(Stored data entries)

Lemma separating_member y :
  y \notin I0 A0 -> y != x -> exists2 z, z \in A1 A A0 & #|z :&: [set x; y]| = 1.
Proof.
move=> yI0 yx.
have [/exists_inP [z zA1 /eqP z_xy] | no_sep] :=
  boolP [exists z in A1 A A0, #|z :&: [set x; y]| == 1]; first by exists z.
case: xP; split=> //; exists y; split; [done | split; first by rewrite eq_sym].
by move=> z zA1; apply: contra no_sep => z_xy; apply/exists_inP; exists z.
Qed.

Lemma common_point_bound y w1 w2 :
  y != x -> w1 \in connectors x u -> w2 \in connectors x v -> y \in w1 -> y \in w2 ->
  5 <= r /\ ((#|[set w in connectors x u | y \in w]| <= r ^ 3 * 'C(n, r - 5)) ||
             (#|[set w in connectors x v | y \in w]| <= r ^ 3 * 'C(n, r - 5))).
Proof.
move=> yx w1F w2F yw1 yw2.
have yI0 := connectors_common_notin_I0 w1F w2F yw1 yw2.
have [z zA1 z_xy] := separating_member yI0 yx.
have [_ _ unique_z] := A1P zA1.
have xy : x != y by rewrite eq_sym.
have [zu | zu] := boolP [disjoint z & u].
  have [r5 bound] := connectors_through_bound uA0 zA1 z_xy xy zu
    (notin_I0 uA0 xI0) (notin_I0 uA0 yI0) w1F yw1.
  by rewrite r5 bound.
have [zv | zv] := boolP [disjoint z & v].
  have [r5 bound] := connectors_through_bound vA0 zA1 z_xy xy zv
    (notin_I0 vA0 xI0) (notin_I0 vA0 yI0) w2F yw2.
  by rewrite r5 bound orbT.
by move: uv; rewrite (unique_z u v) ?eqxx // disjoint_sym.
Qed.

Lemma not_connected_to_both :
  r - 5 <= n -> 4 <= r ->
  @connected_to n r A A0 x u -> @connected_to n r A A0 x v -> False.
Proof.
move=> rn r4 cu cv.
set K := r ^ 3 * 'C(n, r - 5).
have K_gt0 : 0 < K by rewrite muln_gt0 expn_gt0 bin_gt0 rn (leq_trans _ r4).
have omega_gt0 : 0 < omega n r.
  by rewrite /omega; case: ifP => // _; rewrite muln_gt0 expn_gt0 bin_gt0 rn (leq_trans _ r4).
have [w1 w1F] : exists w, w \in connectors x u by apply/card_gt0P; apply: leq_trans cu.
have [w2 w2F] : exists w, w \in connectors x v by apply/card_gt0P; apply: leq_trans cv.
have r5 : 5 <= r.
  have [y yx /andP [yw1 yw2]] := connectors_meet w1F w2F.
  by have [] := common_point_bound yx w1F w2F yw1 yw2.
have omegaE : omega n r = r * r * K.
  by rewrite /omega (gtn_eqF r5) /K !expnS expn0 muln1 !mulnA.
have through_sum s :
    \sum_y #|[set w in connectors x s | y \in w]| = #|connectors x s| * r.
  rewrite sum_card_containing -sum_nat_const.
  by apply: eq_bigr => w /setIdP [/A1P [wA _ _] _]; apply: indepA.1.
have pairs := card_mul_le_sum_common connectors_meet.
have through_bound :
    \sum_(y | y != x) #|[set w in connectors x u | y \in w]| *
                      #|[set w in connectors x v | y \in w]|
    <= K * (#|connectors x u| * r + #|connectors x v| * r).
  rewrite -!through_sum -big_split [X in _ <= K * X](bigD1 x) //= mulnDr big_distrr.
  apply: leq_trans (leq_addl _ _).
  apply: leq_sum => y yx; apply: leq_mul_sum.
  have [-> // | /card_gt0P [w1' /setIdP [w1'F yw1']]] :=
    posnP #|[set w in connectors x u | y \in w]|.
  have [-> | /card_gt0P [w2' /setIdP [w2'F yw2']]] :=
    posnP #|[set w in connectors x v | y \in w]|; first by rewrite orbT.
  by have [] := common_point_bound yx w1'F w2'F yw1' yw2'.
move: cu cv (leq_trans pairs through_bound); rewrite /connected_to omegaE -!/(connectors x _).
nia.
Qed.
End TwoConnections.
End IndependentFamily.

Theorem lemma2 (r : nat -> nat) :
  (forall n, 4 <= r n) ->
  (* r = o(n^{1/8}), i.e. r(n)^8 = o(n) *)
  (forall c : nat, exists N, forall n, N <= n -> c * r n ^ 8 <= n) ->
  exists N, forall n, N <= n ->
  forall (A A0 : {set {set 'I_n}}),
    indep_Gnr1 (r n) A ->
    max_disjoint_subfamily A A0 ->
    forall x : 'I_n, x \notin I0 A0 -> ~ Pset A A0 x ->
    forall u v, u \in A0 -> v \in A0 -> u != v ->
      @connected_to n (r n) A A0 x u -> @connected_to n (r n) A A0 x v -> False.
Proof.
move=> r_ge4 r_small; have [N large] := r_small 1.
exists N => n le_Nn A A0 indepA [A0_subA _ _] x xI0 xP u v uA0 vA0 uv.
apply: (not_connected_to_both indepA A0_subA xI0 xP uA0 vA0 uv) (r_ge4 n).
(* Largeness of [n] only serves to make ['C(n, r - 5)], hence [omega], positive. *)
apply: leq_trans (leq_subr _ _) _; apply: leq_trans (large n le_Nn).
by rewrite mul1n -{1}[r n]expn1 leq_pexp2l // (leq_trans _ (r_ge4 n)).
Qed.
Definition const_on_colors (I : finType) (P : {set {set I}}) (x : I -> R) : Prop :=
  forall S, S \in P -> forall i j, i \in S -> j \in S -> x i = x j.

Definition reduction_coloring (I : finType) (F : (I -> R) -> R)
    (P : {set {set I}}) : Prop :=
  finset.partition P [set: I] /\
  forall x, const_on_colors P x ->
    forall S, S \in P -> forall i j, i \in S -> j \in S ->
      exists d, has_partial F x i d /\ has_partial F x j d.

Definition klr_obj (n : nat) (K : 'M[R]_n) (y v : 'I_n -> R) (lam : R)
    (x : option 'I_n -> R) : R :=
  let alpha := fun j => x (Some j) in
  let b := x None in
  let yhat := fun i => sigmoid (\sum_j K i j * alpha j + b) in
  - (\sum_i v i * (y i * ln (yhat i) + (1 - y i) * ln (1 - yhat i)))
  + lam * (\sum_i \sum_j alpha i * K i j * alpha j).

Definition lift_coloring (n : nat) (Q : {set {set 'I_n}}) :
    {set {set option 'I_n}} :=
  (imset (fun T : {set 'I_n} => imset (@Some 'I_n) (mem T)) (mem Q)) :|: finset.set1 (finset.set1 (@None 'I_n)).

End Defs.

(** With scores z = K alpha + b 1, the partial derivative of the objective in
   alpha_j is  sum_i v_i (sigmoid z_i - y_i) K_ij + lam (sum_i alpha_i K_ij
   + sum_k K_jk alpha_k).  If alpha is constant on the colors of Q, the row
   condition of equitability makes z constant on the colors, hence so is
   v_i sigmoid z_i.  Then every term depends on j only through its color:
   the sigmoid term and sum_i alpha_i K_ij by the column condition, the label
   term by hypothesis (2), and sum_k K_jk alpha_k by the row condition.  The
   intercept is a color on its own, so for it only differentiability is
   needed. *)

From mathcomp Require Import all_boot all_order all_algebra.
From mathcomp Require Import all_classical all_reals all_analysis.
From mathcomp Require Import ring.
Import Order.TTheory GRing.Theory Num.Theory.
Set Implicit Arguments.
Unset Strict Implicit.
Unset Printing Implicit Defensive.
Local Open Scope ring_scope.

Section Derivatives.
Variable R : realType.

Definition log_likelihood (y u : R) : R :=
  y * ln (sigmoid u) + (1 - y) * ln (1 - sigmoid u).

#### [EXERCISE OBJECTIVE]
Both the first line of the records above and the line containing "5 <= r /\ ((#|[set" are to be transcribed exactly, together with every line between them, and nothing else.

#### [SOLUTION FOR THIS PROBLEM]
Lemma separating_member y :
  y \notin I0 A0 -> y != x -> exists2 z, z \in A1 A A0 & #|z :&: [set x; y]| = 1.
Proof.
move=> yI0 yx.
have [/exists_inP [z zA1 /eqP z_xy] | no_sep] :=
  boolP [exists z in A1 A A0, #|z :&: [set x; y]| == 1]; first by exists z.
case: xP; split=> //; exists y; split; [done | split; first by rewrite eq_sym].
by move=> z zA1; apply: contra no_sep => z_xy; apply/exists_inP; exists z.
Qed.

Lemma common_point_bound y w1 w2 :
  y != x -> w1 \in connectors x u -> w2 \in connectors x v -> y \in w1 -> y \in w2 ->
  5 <= r /\ ((#|[set w in connectors x u | y \in w]| <= r ^ 3 * 'C(n, r - 5)) ||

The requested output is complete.